Rodríguez and García, along with María Argüelles, Raquel Catalá, Esther Noriega, Ofelia Radillo, Caridad Sánchez, Maria Josefa Vidaurreta, and Leonar Vizo, led the second national congress of the Democratic Federation of Cuban Women in September 1952, bringing together over 600 women. Both Rodríguez and García were elected to the Executive Committee of the WIDF in 1953. Rodríguez attended the WIDF Congress held that year in Copenhagen, as the vice president of the Democratic Federation of Cuban Women. She and Celia Machado gave an update on Cuban progress. Rodríguez was a signatory to a proclamation issued by the Popular Socialist Party, as the Cuban Communist Party was then called, condemning actions to prevent Guatemalan students from organizing a communist party in 1954. That year, she also attended the Conferência Latino-americana de mulheres (Latin American Conference of Women) held in Rio de Janeiro, Brazil. The conference was organized by the WIDF affiliate, the Federação de Mulheres do Brasil (Brazilian Women's Federation), to unite Latina women in their struggles for rights. WIDF organized the first Congreso Latinoamericano de Mujeres (Congress of Latin American Women) in November 1959. Rodríguez was one of the founders, and inaugural secretary, of the Unidad Femenina Revolucionaria (Feminine Revolutionary Unit) created in April 1959 by women in support of the Cuban Revolution. She served on the committee, led by Vilma Espín, that planned the Cuban delegation's activities for the congress, which was held in Santiago, Chile, although she did not personally attend the congress.

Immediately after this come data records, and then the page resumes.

(* The indicator of [y < p] is the sign of [p - y]. *)
Lemma prim_rec_ltb : prim_rec_binop (fun y p => Nat.b2n (y <? p)).
Proof.
  assert (Hsign : prim_rec_binop (fun y _ => Nat.b2n (0 <? y))).
  { eapply prim_rec_vec_ext;
      [| apply (prim_rec_binop_rec (fun _ => 0) (fun _ _ _ => 1))].
    - intro v; simpl; now destruct (v 0).
    - apply prim_rec_vec_const.
    - apply prim_rec_vec_const. }
  eapply prim_rec_vec_ext;
    [| apply (prim_rec_vec_comp2 2 (fun y _ => Nat.b2n (0 <? y)) (fun w => w 1 - w 0) (fun w => w 0));
       [exact Hsign | | apply prim_rec_vec_proj; lia]].
  - intro v; simpl.
    destruct (Nat.ltb_spec (v 0) (v 1)), (Nat.ltb_spec 0 (v 1 - v 0)); simpl; lia.
  - apply (prim_rec_vec_comp2 2 Nat.sub); [exact prim_rec_sub | apply prim_rec_vec_proj; lia..].
Qed.

Inductive nexpr : Type :=
| NVar (i : nat)
| NConst (c : nat)
| NAdd (a b : nexpr)
| NMul (a b : nexpr)
| NSub (a b : nexpr)
| NPow2 (a : nexpr)
| NLt (a b : nexpr)
| NApp (F : nat -> nat) (a : nexpr).

Fixpoint neval (e : nexpr) (v : nat -> nat) : nat :=
  match e with
  | NVar i => v i
  | NConst c => c
  | NAdd a b => neval a v + neval b v
  | NMul a b => neval a v * neval b v
  | NSub a b => neval a v - neval b v
  | NPow2 a => 2 ^ neval a v
  | NLt a b => Nat.b2n (neval a v <? neval b v)
  | NApp F a => F (neval a v)
  end.

Fixpoint nexpr_pr (n : nat) (e : nexpr) : Prop :=
  match e with
  | NVar i => i < n
  | NConst _ => True
  | NAdd a b | NMul a b | NSub a b | NLt a b => nexpr_pr n a /\ nexpr_pr n b
  | NPow2 a => nexpr_pr n a
  | NApp F a => prim_rec_nat F /\ nexpr_pr n a
  end.

Lemma prim_rec_neval (n : nat) (e : nexpr) : nexpr_pr n e -> prim_rec_vec n (neval e).
Proof.
  induction e; simpl; intro Hok.
  - now apply prim_rec_vec_proj.
  - apply prim_rec_vec_const.
  - apply (prim_rec_vec_comp2 n Nat.add); [exact prim_rec_add | tauto..].
  - apply (prim_rec_vec_comp2 n Nat.mul); [exact prim_rec_mul | tauto..].
  - apply (prim_rec_vec_comp2 n Nat.sub); [exact prim_rec_sub | tauto..].
  - apply (prim_rec_vec_comp2 n (fun y _ => 2 ^ y) (neval e) (neval e));
      [exact prim_rec_pow2 | tauto..].
  - apply (prim_rec_vec_comp2 n (fun y p => Nat.b2n (y <? p)));
      [exact prim_rec_ltb | tauto..].
  - apply prim_rec_vec_comp1; tauto.
Qed.

Open Scope R_scope.

Lemma inv_pow2_small (eps : R) : 0 < eps -> exists e : nat, / 2 ^ e < eps.
Proof.
  intro Heps.
  destruct (pow_lt_1_zero (/ 2)) with (y := eps) as [N HN]; auto.
  { rewrite Rabs_right; lra. }
  exists N; specialize (HN N (le_n _)).
  rewrite Rabs_right in HN by (apply Rle_ge, pow_le; lra).
  now rewrite <- pow_inv.
Qed.

Lemma limit_within (u : nat -> R) (l a c : R) (N : nat) :
  Un_cv u l -> (forall j, (N <= j)%nat -> Rabs (a - u j) < c) -> Rabs (a - l) <= c.
Proof.
  intros Hu Hb.
  destruct (Rle_or_lt (Rabs (a - l)) c) as [H|H]; auto.
  destruct (Hu (Rabs (a - l) - c)) as [N1 HN1]; [lra|].
  set (j := max N N1).
  specialize (HN1 j (Nat.le_max_r _ _)); specialize (Hb j (Nat.le_max_l _ _)).
  unfold R_dist in HN1.
  assert (Rabs (a - l) <= Rabs (a - u j) + Rabs (u j - l)).
  { replace (a - l) with ((a - u j) + (u j - l)) by ring; apply Rabs_triang. }
  lra.
Qed.

Lemma cauchy_modulus_limit (q : nat -> R) (C : nat -> nat) :
  (forall e i j, (C e <= i)%nat -> (C e <= j)%nat -> Rabs (q i - q j) < / 2 ^ e) ->
  exists x, Un_cv q x /\ forall e i, (C e <= i)%nat -> Rabs (q i - x) <= / 2 ^ e.
Proof.
  intro HC.
  assert (Hcrit : Cauchy_crit q).
  { intros eps Heps; destruct (inv_pow2_small eps Heps) as [e He].
    exists (C e); intros i j Hi Hj; unfold R_dist.
    specialize (HC e i j Hi Hj); lra. }
  destruct (R_complete q Hcrit) as [x Hx].
  exists x; split; [exact Hx|].
  intros e i Hi; apply (limit_within q x (q i) _ (C e) Hx).
  intros j Hj; now apply HC.
Qed.

Lemma natural_shift (x : R) :
  exists K T0 : nat, 1 <= x + INR K /\ Rabs (x + INR K - INR T0) <= 1.
Proof.
  destruct (archimed x) as [Hup1 Hup2].
  set (z := up x) in *; clearbody z.
  exists (Z.abs_nat z + 2)%nat, (Z.abs_nat (z + Z.abs z + 2))%nat.
  rewrite !INR_IZR_INZ, Nat2Z.inj_add, Nat2Z.inj_abs_nat, Nat2Z.inj_abs_nat.
  rewrite (Z.abs_eq (z + Z.abs z + 2)) by lia.
  assert (Hz : 0 <= IZR z + IZR (Z.abs z)).
  { rewrite <- plus_IZR; apply IZR_le; lia. }
  rewrite !plus_IZR; simpl (IZR (Z.of_nat 2)); split; [lra|].
  rewrite Rabs_left1; lra.
Qed.

(* The digit compares [T] with the rational [num/den] up to the tolerance 1/4:
   2 if [num/den > T + 1/4], 0 if [num/den < T - 1/4], 1 otherwise. *)
Definition digit (T num den : nat) : nat :=
  (1 + Nat.b2n ((4 * T + 1) * den <? 4 * num) - Nat.b2n (4 * num + den <? 4 * T * den))%nat.

Lemma digit_le_2 (T num den : nat) : (digit T num den <= 2)%nat.
Proof.
  unfold digit; destruct (_ <? _), (_ <? _); simpl; lia.
Qed.

Lemma Rabs_le_iff (u c : R) : Rabs u <= c <-> - c <= u <= c.
Proof. split; intro H; [split_Rabs; lra | now apply Rabs_le]. Qed.

Lemma nat_lt_scaled (a b den : nat) (u v : R) :
  (0 < den)%nat -> INR a = u * INR den -> INR b = v * INR den ->
  ((a < b)%nat <-> u < v).
Proof.
  intros Hden Ha Hb.
  assert (Hd : 0 < INR den) by now apply lt_0_INR.
  split; intro H.
  - apply lt_INR in H; rewrite Ha, Hb in H; exact (Rmult_lt_reg_r _ _ _ Hd H).
  - apply INR_lt; rewrite Ha, Hb; now apply Rmult_lt_compat_r.
Qed.

Lemma digit_step (T num den : nat) (Y : R) :
  (0 < den)%nat -> Rabs (INR num / INR den - Y) <= / 8 -> Rabs (Y - INR T) <= 1 ->
  (1 <= 2 * T + digit T num den)%nat /\
  Rabs (2 * Y - INR (2 * T + digit T num den - 1)) <= 1.
Proof.
  intros Hden Happ HT.
  assert (Hd : 0 < INR den) by now apply lt_0_INR.
  set (z := INR num / INR den) in *.
  assert (Hz : 0 <= z) by (unfold z; apply Rmult_le_pos;
    [apply pos_INR | apply Rlt_le, Rinv_0_lt_compat, Hd]).
  assert (Tnn : 0 <= INR T) by apply pos_INR.
  assert (Hnum : INR (4 * num) = 4 * z * INR den)
    by (rewrite mult_INR; unfold z; simpl; field; lra).
  assert (Hup : ((4 * T + 1) * den < 4 * num)%nat <-> 4 * INR T + 1 < 4 * z).
  { apply (nat_lt_scaled _ _ den); [exact Hden | | exact Hnum].
    rewrite mult_INR, plus_INR, mult_INR; simpl; ring. }
  assert (Hdown : (4 * num + den < 4 * T * den)%nat <-> 4 * z + 1 < 4 * INR T).
  { apply (nat_lt_scaled _ _ den); [exact Hden | rewrite plus_INR, Hnum; ring |].
    rewrite !mult_INR; simpl; ring. }
  apply Rabs_le_iff in Happ, HT.
  unfold digit.
  destruct (Nat.ltb_spec ((4 * T + 1) * den) (4 * num)) as [h1|h1];
  destruct (Nat.ltb_spec (4 * num + den) (4 * T * den)) as [h2|h2]; simpl Nat.b2n.
  - apply Hup in h1; apply Hdown in h2; lra.
  - apply Hup in h1; split; [lia|].
    replace (2 * T + (1 + 1 - 0) - 1)%nat with (2 * T + 1)%nat by lia.
    apply Rabs_le_iff; rewrite plus_INR, mult_INR; simpl; lra.
  - apply Hdown in h2.
    assert (T1 : (0 < T)%nat) by (apply INR_lt; simpl; lra).
    split; [lia|].
    replace (2 * T + (1 + 0 - 1) - 1)%nat with (2 * T - 1)%nat by lia.
    apply Rabs_le_iff; rewrite minus_INR, mult_INR by lia; simpl; lra.
  - assert (~ 4 * INR T + 1 < 4 * z) by (rewrite <- Hup; lia).
    assert (~ 4 * z + 1 < 4 * INR T) by (rewrite <- Hdown; lia).
    split; [lia|].
    replace (2 * T + (1 + 0 - 0) - 1)%nat with (2 * T)%nat by lia.
    apply Rabs_le_iff; rewrite mult_INR; simpl; lra.
Qed.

In 1960, Rodríguez was appointed to a civil service position in the Ministry of Labor. In May 1962, the Ministry first promoted her to a post with responsibility for international affairs, and the following December appointed her director of labor policy. She was one of the dignitaries who called for the 11th World Festival of Youth and Students to be held in Cuba. Their push for Cuba's selection began in 1965 with events supporting the 9th Festival hosted at the university and in theaters in Havana. Rodríguez was selected as one of 35 members of the Consejo Nacional de Juristas de Cuba (National Counsel of Cuban Jurists) in 1977, when the organization was inaugurated as a branch of the Asociación Americana de Juristas (American Association of Jurists). By the 1980s, she was serving as a legal advisor to the center for Cuban working people. Continuing to speak in support of the reunification of Korea, Rodríguez returned to North Korea in 1993, and at the invitation of President Kim Il Sung remained there from November through January 1994. In her book titled Korea Revisited after 40 Years, she presented what she had experienced. In 1998, her work was recognized with the distinction of honorary member of the Sociedad Cubana de Derecho Constitucional y Administrativo (Cuban Society of Constitutional and Administrative Law).

==Death and legacy==
In 2023, the Korean Central News Agency published an article remembering the friendship she had fostered between their country and Cuba during her lifetime.